Transitional Blues
Transitions can be scary, just like going from the 44th war criminal to the 45th United States war criminal. Oh wait that was supposed to be president and not war criminal, my mistake. I too am about to experience a transitional phase in my life and since I am a drama king I chose to write a drawn out set of words to illustrate my thoughts instead of venting in a group chat like a normal millennial.

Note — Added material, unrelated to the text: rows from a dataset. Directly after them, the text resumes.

(* Let $q=2^m$ with $m\ge 4$ even. Then the trace code $\mathrm{Tr}_{q^2/q}(\mathcal C_{\{3,5\}})$ has parameters $[q+1,4,q-4]_q$.
   Context: Let $U_{q+1}$ be the set of $(q+1)$-th roots of unity in $\mathrm{GF}(q^2)$; coordinates are indexed by $U_{q+1}$. Define $\mathcal C_{\{3,5\}}=\{(a_3u^3+a_{q-2}u^{q-2}+a_5u^5+a_{q-4}u^{q-4})_{u\in U_{q+1}}: a_3,a_{q-2},a_5,a_{q-4}\in\mathrm{GF}(q^2)\}$, and $\mathrm{Tr}_{q^2/q}(\mathcal C)=\{(\mathrm{Tr}_{q^2/q}(c_u))_{u\in U_{q+1}}:(c_u)\in\mathcal C\}$, where $\mathrm{Tr}_{q^2/q}(x)=x+x^q$. $[n,k,d]_q$ denotes a linear code over $\mathrm{GF}(q)$ of length $n$, dimension $k$, minimum distance $d$. *)

From HB Require Import structures.
From mathcomp Require Import all_boot all_order all_algebra all_field.
Set Implicit Arguments. Unset Strict Implicit. Unset Printing Implicit Defensive.
Import GRing.Theory.
Local Open Scope ring_scope.

(* L plays the role of GF(q^2); q is the size of the subfield GF(q). *)

Definition GFq (L : finFieldType) (q : nat) : {set L} := [set x : L | x ^+ q == x].

(* U_{q+1}: the (q+1)-th roots of unity in L, as a finite (sub)type;
   it is the coordinate index set of the codes. *)
Definition Uq (L : finFieldType) (q : nat) := {u : L | u ^+ q.+1 == 1}.

Definition trq (L : finFieldType) (q : nat) (x : L) : L := x + x ^+ q.
(* Let $(\flat,\mathrm{Re}_t,\mathrm{Re}_b)$ be a fibered geometric site with isotopies, with $\flat\colon\mathfrak{GEmb}_d\to\mathrm{GCart}$. For every $L\in C^\infty\mathrm{Cart}$, every morphism $f\colon p\to q$ in $(\mathfrak{GEmb}_d)_L$ factors uniquely as an $(\mathrm{Re}_t)_L$-cartesian morphism $g\colon p\to p'$ with $\flat g=\mathrm{id}$ followed by a split $\flat_L$-cartesian morphism $h\colon p'\to q$ (i.e. $h$ is the morphism of the chosen splitting cleavage of $\flat_L$ lifting $\flat f$ at $q$).
   Context: $C^\infty\mathrm{Cart}$: smooth manifolds diffeomorphic to some $\mathbf R^n$ that are closed submanifolds (as subsets) of some $\mathbf R^m$, smooth maps; admissible = open embeddings. $C^\infty\mathrm{Set}$ = presheaves of sets on $C^\infty\mathrm{Cart}$. For a $C^\infty\mathrm{Set}$-enriched category $\mathcal C$ and $L\in C^\infty\mathrm{Cart}$, $\mathcal C_L$ has the same objects and hom-sets $\mathcal C(x,y)(L)$; enriched functors $F$ induce $F_L$; an ordinary category is regarded as enriched with constant hom-presheaves (so $\mathrm{GCart}_L=\mathrm{GCart}$). A split $C^\infty\mathrm{Set}$-enriched Grothendieck fibration is an enriched functor $F$ such that each $F_L$ is a Grothendieck fibration, the functors $\mathcal C_{L}\to\mathcal C_{L'}$ induced by $L'\to L$ preserve cartesian morphisms, together with splitting cleavages of all $F_L$ natural in $L$. An admissibility structure (on an ordinary category): a subcategory of admissible morphisms containing identities, closed under retracts, with $g$, $gf$ admissible $\Rightarrow f$ admissible, and admissible base changes along all morphisms. A $C^\infty\mathrm{Set}$-enriched admissibility structure: enriched subcategory $\mathcal C^{\mathrm{ad}}$ such that each $\mathcal C^{\mathrm{ad}}_L\subset\mathcal C_L$ satisfies the first two conditions, and for $L=\mathbf R^0$ also the base change condition. A functor $F$ to a category with admissibility structure is an admissibility fibration if every admissible $b\colon z\to F(y)$ has an $F$-cartesian lift; an enriched $F$ is an enriched admissibility fibration if $F_{\mathbf R^0}$ is one; the source is then given the (enriched) admissibility structure whose admissible morphisms in degree $L$ are the $F_L$-cartesian ones with admissible image. A structured cartesian site is a small category $\mathrm{GCart}$ with an admissibility fibration $\mathrm{Re}_b\colon\mathrm{GCart}\to C^\infty\mathrm{Cart}$. $\mathfrak{Emb}_d$ (the enriched site of smooth families): objects are submersions $p\colon M\to U$ with $d$-dimensional fibers, $U\in C^\infty\mathrm{Cart}$, $M\subset\mathbf R^m\times U$ a closed submanifold with $p$ the restricted projection; the $L$-points of $\mathfrak{Emb}_d(p,q)$ are pairs $(f,h)$ with $h\colon U\to V$ smooth and $f\colon M\times L\to N\times L$ smooth such that $(q\times\mathrm{id}_L)f=(h\times\mathrm{id}_L)(p\times\mathrm{id}_L)$, $f$ commutes with the projection to $L$, and $M\times L\to (U\times L)\times_{V\times L}(N\times L)$ is an open embedding; restriction along $l\colon L'\to L$ sends $f$ to $(\pi_1\circ f\circ(\mathrm{id}_M\times l),\pi_2)$. Its enriched functor $\flat$ to $C^\infty\mathrm{Cart}$ sends $p\mapsto U$, $(f,h)\mapsto h$; admissible $L$-families are those with $h$ an open embedding; its splitting in degree $L$ takes the lift $(q^*h,h)\colon h^*q\to q$ (with $h^*N=\{(x,u):(x,h(u))\in N\}\cong U\times_VN$, $q^*h(x,u)=(x,h(u))$) and pulls it back along $L\to\mathbf R^0$. A fibered geometric site with isotopies is a triple $(\flat,\mathrm{Re}_t,\mathrm{Re}_b)$ where $\flat\colon\mathfrak{GEmb}_d\to\mathrm{GCart}$ is a split $C^\infty\mathrm{Set}$-enriched Grothendieck fibration, $(\mathrm{GCart},\mathrm{Re}_b)$ is a structured cartesian site, $\mathrm{Re}_t\colon\mathfrak{GEmb}_d\to\mathfrak{Emb}_d$ is a $C^\infty\mathrm{Set}$-enriched admissibility fibration, $\flat\circ\mathrm{Re}_t=\mathrm{Re}_b\circ\flat$ strictly with $\mathrm{Re}_t$ preserving the splitting cleavages, and for every $L$ the functor $\flat_L\colon(\mathfrak{GEmb}_d)_L\to\mathrm{GCart}$ preserves and reflects admissible morphisms. *)

From HB Require Import structures.
From mathcomp Require Import all_boot all_order all_algebra.
From mathcomp Require Import boolp classical_sets reals topology normedtype derive.
From mathcomp Require Import Rstruct Rstruct_topology.
Import Order.TTheory GRing.Theory Num.Theory.
Import numFieldNormedType.Exports.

If you’ve made it this far, thank you for taking your time out to read this rambling. I’m sure you have more interesting things to do such as scratching your ass, worshipping celebrities on social media, or trolling people on Twitter as you call them racial and homophobic slurs. Actually, I know you’re not doing any of the previously mentioned activities because you’re probably out in the world trying to come up with a plan to achieve world peace.
Honestly, I am terrified of what is to come next. You’re probably thinking I am terrified because I just saw a spider scurry across the wall in front of me and normally that would be the case, but not today. I’m terrified because nothing is coming together like I planned all of this time. I’m sure this is how the United States government must feel daily. But damn it I am not like the US government because I actually have integrity and genuinely care about others, so at least something good should be guaranteed to come way in this life, right?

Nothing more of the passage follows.